Lemma sum_walk_step_tail (r : 'I_n) j x :
  \sum_o p o * ((j <= walk_step r x o)%N)%:R =
  p_stay * ((j <= x)%N)%:R + p_up * ((j <= x.+1)%N)%:R + p_down * ((j <= x.-1)%N)%:R.
Proof.
rewrite (sum_slot_prob_receiver r (fun a b => ((j <= x + a - b)%N)%:R)) /=.
by rewrite ?addn1 ?addn0 ?subn1 ?subn0 /p_stay /p_up /p_down /=; ring.
Qed.

Lemma walk_tail_rec T r j : walk_tail T.+1 r j.+1 =
  p_stay * walk_tail T r j.+1 + p_up * walk_tail T r j + p_down * walk_tail T r j.+2.
Proof.
rewrite /walk_tail expect_rcons -expect_comb3; apply: eq_expect => s.
under eq_bigr do rewrite /walk foldl_rcons.
rewrite sum_walk_step_tail ltnS; congr (_ + _ * _).
by rewrite /walk; case: (foldl _ _ _).
Qed.

Lemma walk_tail0 T r : walk_tail T r 0 = 1.
Proof. exact: expect1. Qed.

(* [(p_up / p_down) ^+ j] is the tail of the stationary law of the walk, a
   fixed point of the tail recursion. *)
Lemma walk_tail_le_geometric T r j : 0 < p_down -> walk_tail T r j <= (p_up / p_down) ^+ j.
Proof.
move=> down_gt0; set q := p_up / p_down.
have up_ge0 : 0 <= p_up by rewrite mulr_ge0 ?subr_ge0.
have q_ge0 : 0 <= q by rewrite divr_ge0 // ltW.
have down_q : p_down * q = p_up by rewrite mulrC divfK // gt_eqF.
have stay_ge0 : 0 <= p_stay by rewrite addr_ge0 // mulr_ge0 ?subr_ge0.
elim: T j => [|T IH] [|j]; rewrite ?walk_tail0 ?expr0 //.
  by rewrite /walk_tail expect0 exprn_ge0.
rewrite walk_tail_rec.
apply: le_trans (_ : p_stay * q ^+ j.+1 + p_up * q ^+ j + p_down * q ^+ j.+2 <= _).
  by rewrite !lerD ?ler_wpM2l ?IH // ltW.
suff -> : p_stay * q ^+ j.+1 + p_up * q ^+ j + p_down * q ^+ j.+2 = q ^+ j.+1 by [].
rewrite !exprS; set z := q ^+ j.
have e1 : p_down * (q * (q * z)) = p_up * (q * z).
  by rewrite -down_q !mulrA.
have e2 : p_up * z = p_down * (q * z) by rewrite [RHS]mulrA down_q.
by rewrite e1 e2 /p_stay /p_up /p_down; ring.
Qed.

| REQUIRED WORK |
Give the lines exactly as they stand, from the line with "Lemma walk_tail0 T r : walk_tail T r 0 = 1." through the end of the material.

| ANSWER TO THE EXERCISE |
Lemma walk_tail0 T r : walk_tail T r 0 = 1.
Proof. exact: expect1. Qed.

(* [(p_up / p_down) ^+ j] is the tail of the stationary law of the walk, a
   fixed point of the tail recursion. *)
Lemma walk_tail_le_geometric T r j : 0 < p_down -> walk_tail T r j <= (p_up / p_down) ^+ j.
Proof.
move=> down_gt0; set q := p_up / p_down.
have up_ge0 : 0 <= p_up by rewrite mulr_ge0 ?subr_ge0.
have q_ge0 : 0 <= q by rewrite divr_ge0 // ltW.
have down_q : p_down * q = p_up by rewrite mulrC divfK // gt_eqF.
have stay_ge0 : 0 <= p_stay by rewrite addr_ge0 // mulr_ge0 ?subr_ge0.
elim: T j => [|T IH] [|j]; rewrite ?walk_tail0 ?expr0 //.
  by rewrite /walk_tail expect0 exprn_ge0.
rewrite walk_tail_rec.
apply: le_trans (_ : p_stay * q ^+ j.+1 + p_up * q ^+ j + p_down * q ^+ j.+2 <= _).
  by rewrite !lerD ?ler_wpM2l ?IH // ltW.
suff -> : p_stay * q ^+ j.+1 + p_up * q ^+ j + p_down * q ^+ j.+2 = q ^+ j.+1 by [].
rewrite !exprS; set z := q ^+ j.
have e1 : p_down * (q * (q * z)) = p_up * (q * z).
  by rewrite -down_q !mulrA.
have e2 : p_up * z = p_down * (q * z) by rewrite [RHS]mulrA down_q.
by rewrite e1 e2 /p_stay /p_up /p_down; ring.
Qed.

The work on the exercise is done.